To investigate the parahelical region in more detail, Verselis and colleagues substituted cysteine for alanine at position 49 (4). Cx26(A49C) and Cx30(E49C) hemichannels were susceptible to modification by thiol-modifying reagents, confirming that position 49 is exposed to the pore. Moreover, the researchers found that Cx26(A49C) and Cx30(E49C) hemichannels are inhibited because the cysteine residues form disulfide bonds and coordinate metal ions, blocking the hemichannel pore. “This suggests that the parahelical region is highly flexible and can narrow the pore, consistent with computational studies indicating the region’s importance for hemichannel gating,” Verselis explains.

Surprisingly, given its effects on hemichannel conductance, the researchers found that cysteine substitution at position 49 does not inhibit the activity of Cx26 or Cx30 gap junctions (4). Because the extracellular loop containing the parahelical region is involved in docking apposing hemichannels together, Verselis speculates that gap junction assembly may limit the region’s flexibility, preventing the cysteine from forming disulfide bonds.

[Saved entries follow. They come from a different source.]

(* The positivity of the Pick invariant only guarantees that asymptotic
   parameters exist. *)
Theorem mainTheorem4
  (Omega : R -> R -> Prop) (f : R -> R -> R)
  (W : R -> R -> Prop) (p1 p2 : R -> R -> R) :
  open2 Omega -> smooth_on Omega f ->
  (forall x y, Omega x y -> hess_det f x y = -1) ->
  (forall x y, Omega x y -> pick f x y > 0) ->
  open2 W -> smooth_on W p1 -> smooth_on W p2 ->
  (forall u v, W u v -> Omega (p1 u v) (p2 u v)) ->
  (forall u v, W u v -> bracket (p_u p1 p2 u v) (p_v p1 p2 u v) <> 0) ->
  (forall u v, W u v ->
     hess_bil f (p1 u v) (p2 u v) (p_u p1 p2 u v) (p_u p1 p2 u v) = 0 /\
     hess_bil f (p1 u v) (p2 u v) (p_v p1 p2 u v) (p_v p1 p2 u v) = 0) ->
  (forall u v, W u v ->
     hess_bil f (p1 u v) (p2 u v) (p_u p1 p2 u v) (p_v p1 p2 u v)
     = bracket (p_u p1 p2 u v) (p_v p1 p2 u v)) ->
  (forall u v, W u v ->
     hess_app f (p1 u v) (p2 u v) (p_u p1 p2 u v) = rot (p_u p1 p2 u v) /\
     hess_app f (p1 u v) (p2 u v) (p_v p1 p2 u v) = vopp (rot (p_v p1 p2 u v)))
  /\
  (forall u1 u2 v0,
     (forall u, Rmin u1 u2 <= u <= Rmax u1 u2 -> W u v0) ->
     pi1 f (p1 u1 v0, p2 u1 v0) = pi1 f (p1 u2 v0, p2 u2 v0))
  /\
  (forall u0 v1 v2,
     (forall v, Rmin v1 v2 <= v <= Rmax v1 v2 -> W u0 v) ->
     pi2 f (p1 u0 v1, p2 u0 v1) = pi2 f (p1 u0 v2, p2 u0 v2)).
Proof.
  intros Ho Hf Hdet _ _ Hp1 Hp2 Hmap Hbr Has Hor.
  assert (Hframe : forall u v, W u v ->
    let x := p1 u v in let y := p2 u v in
    let a := p_u p1 p2 u v in let b := p_v p1 p2 u v in
    (hess_app f x y a = rot a /\ hess_app f x y b = vopp (rot b)) /\
    (dgrad f x y a = rot a /\ dgrad f x y b = vopp (rot b))).
  { intros u v Huv; destruct (Has u v Huv) as [Ha Hb].
    split; [apply hess_app_null_frame | apply dgrad_null_frame];
      auto using Hdet, Hor, Hbr. }
  split; [| split].
  - intros u v Huv; exact (proj1 (Hframe u v Huv)).
  - intros u1 u2 v0 Hseg.
    apply (pi1_const_curve Omega f Ho Hf (fun u => p1 u v0) (fun u => p2 u v0)
             (fun u => partial false p1 u v0)
             (fun u => partial false p2 u v0));
      intros u Hu; specialize (Hseg u Hu); auto.
    + apply (is_derive_partial_smooth_on W p1 u v0 Hp1 Hseg).
    + apply (is_derive_partial_smooth_on W p2 u v0 Hp2 Hseg).
    + exact (proj1 (proj2 (Hframe u v0 Hseg))).
  - intros u0 v1 v2 Hseg.
    apply (pi2_const_curve Omega f Ho Hf (fun v => p1 u0 v) (fun v => p2 u0 v)
             (fun v => partial true p1 u0 v)
             (fun v => partial true p2 u0 v));
      intros v Hv; specialize (Hseg v Hv); auto.
    + apply (is_derive_partial_smooth_on W p1 u0 v Hp1 Hseg).
    + apply (is_derive_partial_smooth_on W p2 u0 v Hp2 Hseg).
    + exact (proj2 (proj2 (Hframe u0 v Hseg))).
Qed.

This restricted flexibility might also explain why the E49–D50 charge pair in Cx30 dampens hemichannel function but does not appear to reduce the activity of Cx30 gap junctions.

Cx26 and Cx30 gap junctions do appear to differ in at least one respect, however; Cx26 channels have been reported to be much more permissive to the passage of larger anionic tracers than Cx30 channels, which could reflect a greater capacity to transport biomolecules such as ATP. In their second paper, Verselis and colleagues report that this permeability profile can be reversed by altering the amino acid at position 49 (5). Cx26(A49E) gap junctions and hemichannels are much less permeable to fluorescent anionic tracers, whereas Cx30(E49A) channels permit the passage of these molecules.

Small differences in the pore-lining parahelix therefore affect the functional properties of Cx26 and Cx30 in both the gap junction and hemichannel configurations. But what might this mean for the two connexins’ physiological role in hearing? In the developing cochlea, connexins are thought to participate in the ATP-dependent generation and propagation of Ca²⁺ waves that promote hair cell differentiation.

“We thought that Cx30 might not be so good at this because of its possible low permeability to ATP and the decreased activity of Cx30 hemichannels,” Verselis says. The researchers therefore looked at the spread of Ca²⁺ waves in mouse cochlear explants labeled with a Ca²⁺-sensitive dye. “We saw that waves originating in nearby supporting cells didn’t penetrate into the border region containing the hair cells, and we found that Cx30 is more highly expressed in this border region,” Verselis adds.

Thus, by increasing hemichannel activity and, potentially, ATP permeability, the presence of an alanine at position 49 in the pore-lining parahelix might help explain why Cx26 has a more important role in hearing than Cx30. Verselis and colleagues’ findings suggest that mutations in Cx30 could alter this connexin’s activity to compensate for the loss of Cx26. In addition, the discovery that introducing a cysteine at position 49 inhibits hemichannel, but not gap junction, function provides a tool that could help researchers distinguish their different contributions to cochlear development.